Der Nutzen der Pflanzenzüchtung für ein nachhaltiges Ernährungssystem ist enorm. Landwirtschaft und Politik sollten zu optimalen Rahmenbedingungen beitragen.
Dr. Michael Gohn
Obmann Saatgut Austria
Bevölkerungswachstum, Veränderung der Ernährungsgewohnheiten, Klimawandel und Bodenverlust – auf die Landwirtschaft kommen enorme Herausforderungen zu. Neben technologischem Fortschritt und verbesserten Anbaumethoden ist es vor allem die Pflanzenzüchtung, die einen Beitrag leisten kann, um die auf EU- und nationaler Ebene gesetzten Ziele in der Landwirtschaft zu erreichen.
Enormer Nutzen
Die Pflanzenzüchtung selektiert gesunde, robuste und widerstandsfähige Sorten und stellt sie den Agrar- und Gartenbaubetrieben zur Verfügung. Moderne Sorten sind an standortspezifische Bedingungen angepasst und tolerant gegenüber verschiedenen abiotischen Faktoren – wie etwa Trockenheit, Hitze, Winterschäden. Darauf zielt das Projekt Klimafit ab, das Saatgut Austria mit dem Landwirtschaftsministerium, den Bundesländern und der Agentur für Gesundheit und Ernährungssicherheit (AGES) durchführt.
Leistungen kommen Gesellschaft zugute
Von diesen Erfolgen profitiert nicht nur die Landwirtschaft, sondern auch der Rest der Gesellschaft. Je weniger Flächen für die Lebensmittelproduktion benötigt werden, desto mehr stehen für Biodiversität zur Verfügung. Neben dem ökonomischen und dem ökologischen Nutzen besteht auch ein sozialer Nutzen: Die Pflanzenzüchtung trägt zu stabilen Preisen bei und verbessert die ernährungsphysiologischen Eigenschaften, wie z. B. den Nährstoffgehalt in Lebens- und Futtermitteln.
Um diese Leistungen auch künftig erbringen zu können, braucht es optimale regulatorische und wirtschaftliche Rahmenbedingungen – und darüber hinaus vor allem: Innovationskraft! Das bedeutet neben modernen Methoden der Züchtung eine Abgeltung der Leistungen der Pflanzenzüchter:innen durch den Kauf von zertifiziertem Saatgut.

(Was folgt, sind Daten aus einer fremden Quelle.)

(* Let $(X,d)$ be a complete metric space and $T\colon X\to X$ a mapping for which there exists $k<\kappa(X)$ such that for all $(x,y)\in X\times X$ with $D(x,o(y))\le D(x,o(x))$ and all $n\in\mathbb N$, $$\lim_{m\to\infty} D(T^nx,o(T^my))\le k\,D(x,o(y)).$$ Then either all the orbits are unbounded or there exists $x\in X$ with $Tx=x$.
   Context: The orbit of $x$ under $T$ is $o(x)=\{x\}\cup\{T^nx:n\in\mathbb N\}$; for nonempty $C\subseteq X$, $D(x,C)=\sup\{d(x,y):y\in C\}$. $B(x,r)$ denotes the closed ball. For $c\ge1$, balls in $X$ are $c$-regular if for every $k'<c$ there are $\mu,\alpha\in(0,1)$ such that for all $x,y\in X$ and $r>0$ with $d(x,y)\ge(1-\mu)r$ there exists $z\in X$ with $B(x,(1+\mu)r)\cap B(y,k'(1+\mu)r)\subseteq B(z,\alpha r)$. The Lifschitz characteristic is $\kappa(X)=\sup\{c\ge1:\text{balls in }X\text{ are }c\text{-regular}\}$. *)

From mathcomp Require Import all_boot all_order all_algebra.
From mathcomp Require Import all_classical all_reals all_analysis.
Set Implicit Arguments. Unset Strict Implicit. Unset Printing Implicit Defensive.
Import Order.TTheory GRing.Theory Num.Theory.
Local Open Scope classical_set_scope.
Local Open Scope ring_scope.

Definition is_metric (R : realType) (X : Type) (d : X -> X -> R) : Prop :=
  (forall x y, 0 <= d x y) /\ (forall x y, d x y = 0 <-> x = y) /\
  (forall x y, d x y = d y x) /\ (forall x y z, d x z <= d x y + d y z).

Definition is_complete (R : realType) (X : Type) (d : X -> X -> R) : Prop :=
  forall u : nat -> X,
    (forall e : R, 0 < e -> exists N, forall m n, (N <= m)%N -> (N <= n)%N ->
        d (u m) (u n) < e) ->
    exists l : X, forall e : R, 0 < e -> exists N, forall n, (N <= n)%N ->
        d (u n) l < e.

Definition mcball (R : realType) (X : Type) (d : X -> X -> R) (x : X) (r : R)
  : set X := [set y | d x y <= r].

Definition torbit (X : Type) (T : X -> X) (x : X) : set X :=
  [set x] `|` [set iter n T x | n in [set n : nat | (0 < n)%N]].

Definition Dsup (R : realType) (X : Type) (d : X -> X -> R) (x : X) (C : set X)
  : \bar R := ereal_sup [set (d x y)%:E | y in C].

Definition mbounded (R : realType) (X : Type) (d : X -> X -> R) (A : set X)
  : Prop := exists x0 : X, exists r : R, forall y, A y -> d x0 y <= r.

Definition c_regular (R : realType) (X : Type) (d : X -> X -> R) (c : R) : Prop :=
  forall k' : R, k' < c ->
    exists mu alpha : R, 0 < mu < 1 /\ 0 < alpha < 1 /\
      forall (x y : X) (r : R), 0 < r -> (1 - mu) * r <= d x y ->
        exists z : X,
          mcball d x ((1 + mu) * r) `&` mcball d y (k' * ((1 + mu) * r))
            `<=` mcball d z (alpha * r).

Definition lifschitz_char (R : realType) (X : Type) (d : X -> X -> R) : \bar R :=
  ereal_sup [set c%:E | c in [set c : R | 1 <= c /\ c_regular d c]].

From mathcomp Require Import all_boot all_order all_algebra.
From mathcomp Require Import all_classical all_reals all_analysis.
From mathcomp Require Import ring lra.
Import Order.TTheory GRing.Theory Num.Theory.
Local Open Scope classical_set_scope.
Local Open Scope ring_scope.

(* Regular balls make orbits shrink: if o(w) lies in B(z,r), either o(z) itself
   stays in B(z,(1-mu)r), or some T^n z is far from z and the contraction
   hypothesis traps a tail o(T^m w') of an orbit in B(z,(1+mu)r) and in
   B(T^n z, k(1+mu)r), hence in a ball B(z',alpha r) with d(z,z') <= 2r.
   Iterating from a bounded orbit, the centres form a Cauchy sequence; around
   its limit l there are orbits in arbitrarily small balls B(l,e), and the
   hypothesis with n = 1 then gives d(l,Tl) <= (1+2k)e, so Tl = l. *)

Set Implicit Arguments.
Unset Strict Implicit.
Unset Printing Implicit Defensive.

Lemma dependent_choice_nat (A : Type) (P : nat -> A -> Prop)
    (Q : nat -> A -> A -> Prop) (a0 : A) :
  P 0%N a0 -> (forall j a, P j a -> exists a', P j.+1 a' /\ Q j a a') ->
  exists s : nat -> A, forall j, P j (s j) /\ Q j (s j) (s j.+1).
Proof.
move=> P0 step.
have /choice[g gP] : forall ja : nat * A,
    exists a', P ja.1 ja.2 -> P ja.1.+1 a' /\ Q ja.1 ja.2 a'.
  move=> [j a] /=; have [/step[a' ?]|NP] := pselect (P j a); last by exists a => /NP.
  by exists a'.
pose s j := iteri j (fun i a => g (i, a)) a0.
have Ps j : P j (s j) by elim: j => [|j IH] //; exact: (gP (j, s j) IH).1.
by exists s => j; split; [|exact: (gP (j, s j) (Ps j)).2].
Qed.

Lemma expr_lt_eventually (R : realType) (b eta : R) : 0 <= b < 1 -> 0 < eta ->
  exists N, forall n, (N <= n)%N -> b ^+ n < eta.
Proof.
move=> /andP[b_ge0 b_lt1] eta_gt0.
have : `|b| < 1 by rewrite ger0_norm.
move=> /cvg_expr/cvgrPdist_lt/(_ eta eta_gt0)[N _ bN].
by exists N => n /bN; rewrite /= sub0r normrN ger0_norm ?exprn_ge0.
Qed.

Lemma limn_lt_nonincreasing (R : realType) (u : (\bar R)^nat) (a : \bar R) :
  nonincreasing_seq u -> (limn u < a)%E -> exists n, (u n < a)%E.
Proof.
move=> u_ni; rewrite (cvg_lim _ (ereal_nonincreasing_cvgn u_ni)) //.
by case/ereal_inf_lt => _ [n _ <-]; exists n.
Qed.

Section Orbit.
Variables (X : Type) (T : X -> X).

Lemma torbitP x y : torbit T x y <-> exists n, iter n T x = y.
Proof.
split => [[->|[n _ <-]]|[[|n] <-]]; [by exists 0%N|by exists n|by left|].
by right; exists n.+1.
Qed.

Lemma torbit_iter x n : torbit T x (iter n T x).
Proof. by apply/torbitP; exists n. Qed.

Lemma sub_torbit_iter x n : torbit T (iter n T x) `<=` torbit T x.
Proof. by move=> _ /torbitP[m <-]; rewrite -iterD; exact: torbit_iter. Qed.

End Orbit.

Arguments sub_torbit_iter {X} T x n [t].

Nur dann können sie die finanziellen Mittel aufbringen, um die aufwendige Züchtung sowie Sortenversuche in Ländern mit Klimaverhältnissen, wie sie künftig in Mitteleuropa zu erwarten sind, aufrechtzuerhalten. Das ist eine wesentliche Stellschraube für eine resiliente europäische Landwirtschaft, den Gartenbau sowie für ein nachhaltiges Ernährungssystem.